*WHAT YOU WILL DO*:
Return the number of lines below with "rpsi" in them, and nothing else.

*MATERIAL FOR THIS EXERCISE*:
Definition S_flow (N : pmodel) : system :=
  flatten [seq eqn (out_bb bb) (bb_count N bb)%:Z | bb <- enum BB].

Definition k_path (pi : seq (V * V)) : valuation :=
  fun x => (count_mem true [seq (e \in E) && (f e == x) | e <- pi])%:Z.

Variables (rpsi rpsi' : BB -> Var).

Definition S_merge : system :=
  flatten [seq (if header bb
                then eqn ((1, rpsi bb) :: (1, rpsi' bb) :: negterms (out_bb bb)) 0
                else eqn ((1, rpsi bb) :: negterms (out_bb bb)) 0)
          | bb <- enum BB].

Definition theory' (T : theory) : theory :=
  T ++ [seq (psi bb, rpsi bb) | bb <- enum BB]
    ++ [seq (psi' bb, rpsi' bb) | bb <- enum BB & header bb].

Definition model' (S_IPET : system) (P : pmodel) : pmodel :=
  with_scope P (scope P ++ S_IPET ++ S_merge).

End IPET.
End Models.

(** The witness M' keeps the objects and interpretation of M; its scope is
    the scope of M with its variables renamed away from the edge variables and
    the fresh variables r'(psi) (fixing those of T and of S_P), together with
    S_IPET, S_merge, S_flow(M) and the equations r'(psi) = M # psi.  As M' has
    the objects of M, S_flow(M') = S_flow(M), and every solution of
    S_IPET + S_flow(M) extends to a solution of the new scope agreeing with it
    on the edge variables; since g_IPET only reads edge variables, the three
    maxima coincide.  The maximum exists because the IPET constraints make the
    edge counts nonnegative, so g_IPET is bounded by the flow counts. *)

From Pilot Require Import Defs.
From mathcomp Require Import all_boot all_order all_algebra.
From mathcomp Require Import zify.
From Stdlib Require Import Classical.
From Stdlib Require List.
Import Order.TTheory GRing.Theory Num.Theory.

(* Swap the i-th element of [undup A] with [N + i], where [N] exceeds every
   element of [A ++ L]. *)
Lemma exists_involution_avoiding (A L : seq nat) :
  exists rn : nat -> nat,
    [/\ involutive rn,
        forall x, x \in L -> x \notin A -> rn x = x &
        forall x, x \in L -> rn x \notin A].
Proof.
pose A' := undup A; pose N := (\max_(x <- A ++ L) x).+1.
have ltN x : x \in A ++ L -> x < N.
  by move=> hx; rewrite ltnS; exact: (leq_bigmax_seq _ hx).
have A_ltN x : x \in A -> x < N by move=> hx; apply: ltN; rewrite mem_cat hx.
have L_ltN x : x \in L -> x < N by move=> hx; apply: ltN; rewrite mem_cat hx orbT.
have notA y : N <= y -> y \notin A by move=> hy; apply/negP => /A_ltN; lia.
pose rn x := if x \in A' then N + index x A'
             else if N <= x < N + size A' then nth 0 A' (x - N) else x.
have A'_notA y : N <= y -> (y \in A') = false.
  by move=> hy; rewrite mem_undup (negbTE (notA y hy)).
exists rn; split.
- move=> x; case xA: (x \in A').
  + rewrite {2}/rn xA /rn A'_notA ?leq_addr //.
    by rewrite ltn_add2l index_mem xA addKn nth_index.
  + case xB: (N <= x < N + size A'); last by rewrite /rn xA xB xA xB.
    have nthA : nth 0 A' (x - N) \in A' by apply: mem_nth; lia.
    by rewrite {2}/rn xA xB /rn nthA index_uniq ?undup_uniq; lia.
- move=> x xL xA; rewrite /rn mem_undup (negbTE xA).
  by have := L_ltN x xL; case: ifP => //; lia.
- move=> x xL; rewrite /rn; case: ifP => [_ | xA]; first exact: notA (leq_addr _ _).
  by have := L_ltN x xL; case: ifP => [|_ _]; [lia | rewrite -mem_undup xA].
Qed.

Local Open Scope ring_scope.

Lemma InP (X : eqType) (x : X) (s : seq X) : reflect (List.In x s) (x \in s).
Proof.
elim: s => [|y s IH] /=; first by constructor.
rewrite inE; apply: (iffP orP) => [[/eqP -> | /IH] | [-> | /IH]]; auto.
Qed.

Lemma int_bounded_max {Q : int -> Prop} {B v0 : int} :
  Q v0 -> (forall v, Q v -> v <= B) -> exists2 m, Q m & forall v, Q v -> v <= m.
Proof.
move=> Qv0 leB; have [d] : exists d : nat, B - v0 <= d%:Z.
  by exists `|B - v0|%N; rewrite abszE ler_norm.
elim: d v0 Qv0 => [|d IH] v0 Qv0 hd.
  by exists v0 => // v /leB; lia.
have [[v [Qv ltv]] | none] := classic (exists v, Q v /\ v0 < v).
  by apply: (IH v Qv); lia.
exists v0 => // v Qv; rewrite leNgt; apply/negP => ltv; apply: none; by exists v.
Qed.

Section LinearSystems.

Implicit Types (k : valuation) (ts : seq (int * Var)) (S : system).

Lemma lhs_cons k t ts : lhs k (t :: ts) = t.1 * k t.2 + lhs k ts.
Proof. by rewrite /lhs big_cons. Qed.

Lemma lhs_var k x : lhs k [:: (1, x)] = k x.
Proof. by rewrite /lhs big_seq1 mul1r. Qed.

Lemma lhs_negterms k ts : lhs k (negterms ts) = - lhs k ts.
Proof. by rewrite /lhs big_map -sumrN; apply: eq_bigr => t _; rewrite mulNr. Qed.

Lemma eq_lhs k1 k2 ts :
  {in [seq t.2 | t <- ts], k1 =1 k2} -> lhs k1 ts = lhs k2 ts.
Proof.
move=> k12; rewrite /lhs big_seq [RHS]big_seq; apply: eq_bigr => t ht.
by rewrite k12 // map_f.
Qed.

Lemma sat_eqn k ts c : sat k (Defs.eqn ts c) <-> lhs k ts = c.
Proof.
split=> [hk | <- c']; last first.
  by rewrite !inE => /orP [] /eqP ->; rewrite /sat_ineq /= ?lhs_negterms.
have /= le_c := hk _ (mem_head _ _).
have /= := hk (negterms ts, - c); rewrite !inE eqxx orbT => /(_ isT).
by rewrite /sat_ineq lhs_negterms lerN2 => ge_c; apply/eqP; rewrite eq_le le_c ge_c.
Qed.

Lemma sat_cat k S1 S2 : sat k (S1 ++ S2) <-> sat k S1 /\ sat k S2.
Proof.
split=> [hk | [h1 h2] c]; last by rewrite mem_cat => /orP [/h1 | /h2].
by split=> c hc; apply: hk; rewrite mem_cat hc ?orbT.
Qed.

Lemma sat_flatten (X : Type) k (F : X -> system) (s : seq X) :
  sat k (flatten [seq F x | x <- s]) <-> forall x, List.In x s -> sat k (F x).
Proof.
elim: s => [|y s IH] /=; first by split=> // _ c.
rewrite sat_cat IH; split=> [[hy hs] x [<- | /hs] // | h].
by split=> [|x hx]; apply: h; [left | right].
Qed.

Lemma entails_sub {S1 S2} : {subset S2 <= S1} -> entails S1 S2.
Proof. by move=> sub k hk c /sub; apply: hk. Qed.

Lemma eq_in_sat {k1 k2 S} : {in sys_vars S, k1 =1 k2} -> sat k1 S -> sat k2 S.
Proof.
move=> k12 hk c hc; have := hk c hc; rewrite /sat_ineq (@eq_lhs k1 k2) // => x hx.
by apply: k12; apply/flattenP; exists (ineq_vars c); rewrite ?map_f.
Qed.

Lemma sat_rename k rn S : sat k (rename_sys rn S) <-> sat (k \o rn) S.
Proof.
have lhs_rn c : lhs k [seq (t.1, rn t.2) | t <- c.1] = lhs (k \o rn) c.1.
  by rewrite /lhs big_map.
split=> [hk c hc | hk _ /mapP [c hc ->]]; last by rewrite /sat_ineq /= lhs_rn; apply: hk.
by have := hk _ (map_f (fun c : ineq => ([seq (t.1, rn t.2) | t <- c.1], c.2)) hc);
  rewrite /sat_ineq /= lhs_rn.
Qed.

Lemma is_max_exists {S} {g : valuation -> int} :
  solvable S -> (exists B, forall k, sat k S -> g k <= B) -> exists v, is_max S g v.
Proof.
case=> k0 hk0 [B leB]; pose Q v := exists k, sat k S /\ g k = v.
have Q0 : Q (g k0) by exists k0.
have QB v : Q v -> v <= B by case=> k [hk <-]; apply: leB.
have [_ [k [hk <-]] maxv] := int_bounded_max Q0 QB.
by exists (g k); split=> [|k' hk']; [exists k | apply: maxv; exists k'].
Qed.

Lemma is_max_transfer {S1 S2} {g : valuation -> int} {v} :
  entails S2 S1 -> (forall k, sat k S1 -> exists2 k', sat k' S2 & g k' = g k) ->
  is_max S1 g v -> is_max S2 g v.
Proof.
move=> S21 S12 [[k [hk <-]] maxv]; split=> [|k' /S21 /maxv //].
by have [k' hk' gk'] := S12 k hk; exists k'.
Qed.

End LinearSystems.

*TASK ANSWER*:
5